= EXERCISE GOAL =
Set down a word-for-word copy of the data below, limited to the lines from the first through the line with "(forall j m, (j".

= THE DATA =
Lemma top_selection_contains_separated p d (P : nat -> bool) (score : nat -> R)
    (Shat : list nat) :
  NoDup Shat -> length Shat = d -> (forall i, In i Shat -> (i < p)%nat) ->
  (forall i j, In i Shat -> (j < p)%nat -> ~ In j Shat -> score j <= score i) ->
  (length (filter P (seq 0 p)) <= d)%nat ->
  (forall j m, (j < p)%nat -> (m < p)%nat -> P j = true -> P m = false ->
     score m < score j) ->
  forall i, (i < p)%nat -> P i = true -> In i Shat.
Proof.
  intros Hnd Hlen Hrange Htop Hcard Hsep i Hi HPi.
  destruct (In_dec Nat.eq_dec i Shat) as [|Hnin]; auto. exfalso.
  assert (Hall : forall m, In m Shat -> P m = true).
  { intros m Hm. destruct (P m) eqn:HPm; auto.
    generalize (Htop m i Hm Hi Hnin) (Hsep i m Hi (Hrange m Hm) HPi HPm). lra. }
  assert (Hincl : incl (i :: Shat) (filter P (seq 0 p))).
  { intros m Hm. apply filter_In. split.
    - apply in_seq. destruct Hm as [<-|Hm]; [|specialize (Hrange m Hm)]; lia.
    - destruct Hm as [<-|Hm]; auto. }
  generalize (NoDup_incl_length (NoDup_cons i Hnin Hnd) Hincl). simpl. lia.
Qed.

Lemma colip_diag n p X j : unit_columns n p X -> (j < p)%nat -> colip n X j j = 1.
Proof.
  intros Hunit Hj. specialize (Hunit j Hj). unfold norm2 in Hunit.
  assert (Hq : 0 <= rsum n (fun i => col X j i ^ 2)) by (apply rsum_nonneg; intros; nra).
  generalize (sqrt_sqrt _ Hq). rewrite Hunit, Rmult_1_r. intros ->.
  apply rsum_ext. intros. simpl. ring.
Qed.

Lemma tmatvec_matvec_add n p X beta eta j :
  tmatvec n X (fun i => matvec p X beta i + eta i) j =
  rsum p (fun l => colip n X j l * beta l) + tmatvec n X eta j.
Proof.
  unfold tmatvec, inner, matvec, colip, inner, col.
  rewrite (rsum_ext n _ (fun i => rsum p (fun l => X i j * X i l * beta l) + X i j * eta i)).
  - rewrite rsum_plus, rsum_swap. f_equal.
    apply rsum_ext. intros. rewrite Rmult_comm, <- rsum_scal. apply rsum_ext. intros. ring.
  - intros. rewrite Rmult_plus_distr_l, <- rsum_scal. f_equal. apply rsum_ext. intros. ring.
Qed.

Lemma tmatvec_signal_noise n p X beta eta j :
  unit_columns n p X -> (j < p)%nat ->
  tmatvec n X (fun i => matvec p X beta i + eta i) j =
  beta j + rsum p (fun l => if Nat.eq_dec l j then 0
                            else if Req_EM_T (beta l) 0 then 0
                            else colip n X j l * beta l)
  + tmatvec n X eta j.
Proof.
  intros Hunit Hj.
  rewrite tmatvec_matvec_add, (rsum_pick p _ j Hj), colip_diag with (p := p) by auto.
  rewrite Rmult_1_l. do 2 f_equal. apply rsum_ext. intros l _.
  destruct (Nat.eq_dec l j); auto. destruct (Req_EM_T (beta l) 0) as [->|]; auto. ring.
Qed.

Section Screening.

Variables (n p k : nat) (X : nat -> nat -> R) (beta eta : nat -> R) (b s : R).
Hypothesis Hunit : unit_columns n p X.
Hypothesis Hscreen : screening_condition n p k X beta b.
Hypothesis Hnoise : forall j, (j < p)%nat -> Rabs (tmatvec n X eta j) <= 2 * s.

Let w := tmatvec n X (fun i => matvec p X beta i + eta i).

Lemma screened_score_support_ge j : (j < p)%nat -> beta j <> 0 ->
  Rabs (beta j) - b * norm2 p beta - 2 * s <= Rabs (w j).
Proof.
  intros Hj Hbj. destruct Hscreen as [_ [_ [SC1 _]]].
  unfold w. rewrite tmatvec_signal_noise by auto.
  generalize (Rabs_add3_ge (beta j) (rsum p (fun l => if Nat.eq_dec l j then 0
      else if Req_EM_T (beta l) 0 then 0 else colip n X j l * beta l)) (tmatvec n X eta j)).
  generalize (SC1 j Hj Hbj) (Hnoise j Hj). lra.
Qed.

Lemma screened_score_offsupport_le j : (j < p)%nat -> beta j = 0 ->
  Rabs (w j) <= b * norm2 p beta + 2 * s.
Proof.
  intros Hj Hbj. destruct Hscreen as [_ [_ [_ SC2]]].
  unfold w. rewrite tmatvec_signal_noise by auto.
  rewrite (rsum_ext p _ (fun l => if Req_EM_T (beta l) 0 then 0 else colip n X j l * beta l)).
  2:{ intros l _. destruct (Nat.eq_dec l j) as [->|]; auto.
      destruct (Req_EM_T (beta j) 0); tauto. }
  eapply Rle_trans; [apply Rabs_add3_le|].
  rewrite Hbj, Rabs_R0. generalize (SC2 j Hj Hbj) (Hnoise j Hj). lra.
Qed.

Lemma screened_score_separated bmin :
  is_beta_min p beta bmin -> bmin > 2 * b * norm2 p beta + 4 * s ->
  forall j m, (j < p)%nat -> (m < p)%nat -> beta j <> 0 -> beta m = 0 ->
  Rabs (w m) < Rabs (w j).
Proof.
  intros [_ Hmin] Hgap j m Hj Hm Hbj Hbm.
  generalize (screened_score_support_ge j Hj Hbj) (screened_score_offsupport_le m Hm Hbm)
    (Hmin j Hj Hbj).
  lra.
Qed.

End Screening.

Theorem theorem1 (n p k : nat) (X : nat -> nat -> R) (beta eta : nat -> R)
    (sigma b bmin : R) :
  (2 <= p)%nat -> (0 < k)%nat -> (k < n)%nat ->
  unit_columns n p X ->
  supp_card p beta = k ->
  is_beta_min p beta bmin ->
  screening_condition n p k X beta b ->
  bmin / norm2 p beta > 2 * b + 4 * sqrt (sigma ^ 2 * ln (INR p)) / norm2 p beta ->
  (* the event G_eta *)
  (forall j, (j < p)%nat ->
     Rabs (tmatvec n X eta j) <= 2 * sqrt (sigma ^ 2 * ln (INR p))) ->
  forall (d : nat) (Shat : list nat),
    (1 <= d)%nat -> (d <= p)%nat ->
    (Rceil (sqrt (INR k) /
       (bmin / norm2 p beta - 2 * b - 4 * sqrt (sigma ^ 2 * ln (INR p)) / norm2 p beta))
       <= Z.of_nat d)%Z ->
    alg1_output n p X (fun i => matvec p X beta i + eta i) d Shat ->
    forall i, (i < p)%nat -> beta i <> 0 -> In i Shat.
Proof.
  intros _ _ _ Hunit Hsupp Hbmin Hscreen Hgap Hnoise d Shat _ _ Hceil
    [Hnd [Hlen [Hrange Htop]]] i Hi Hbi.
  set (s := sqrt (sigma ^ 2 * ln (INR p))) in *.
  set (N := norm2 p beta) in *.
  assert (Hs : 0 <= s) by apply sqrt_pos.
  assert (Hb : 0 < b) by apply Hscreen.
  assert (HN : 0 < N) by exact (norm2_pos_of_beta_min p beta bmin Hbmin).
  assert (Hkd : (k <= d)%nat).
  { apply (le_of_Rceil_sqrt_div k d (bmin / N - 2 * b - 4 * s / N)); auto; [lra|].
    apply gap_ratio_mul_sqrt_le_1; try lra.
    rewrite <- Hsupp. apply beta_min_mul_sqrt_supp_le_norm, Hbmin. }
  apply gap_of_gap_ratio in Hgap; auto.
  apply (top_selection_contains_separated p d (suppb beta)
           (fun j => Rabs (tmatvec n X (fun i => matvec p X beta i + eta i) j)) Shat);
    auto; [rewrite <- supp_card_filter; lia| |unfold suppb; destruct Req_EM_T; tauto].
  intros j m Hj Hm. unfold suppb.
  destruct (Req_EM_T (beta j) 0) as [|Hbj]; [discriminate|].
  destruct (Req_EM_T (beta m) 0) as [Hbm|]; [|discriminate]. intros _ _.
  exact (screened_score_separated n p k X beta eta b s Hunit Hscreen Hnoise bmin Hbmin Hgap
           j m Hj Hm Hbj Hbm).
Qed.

= EXPECTED OUTPUT =
Lemma top_selection_contains_separated p d (P : nat -> bool) (score : nat -> R)
    (Shat : list nat) :
  NoDup Shat -> length Shat = d -> (forall i, In i Shat -> (i < p)%nat) ->
  (forall i j, In i Shat -> (j < p)%nat -> ~ In j Shat -> score j <= score i) ->
  (length (filter P (seq 0 p)) <= d)%nat ->
  (forall j m, (j < p)%nat -> (m < p)%nat -> P j = true -> P m = false ->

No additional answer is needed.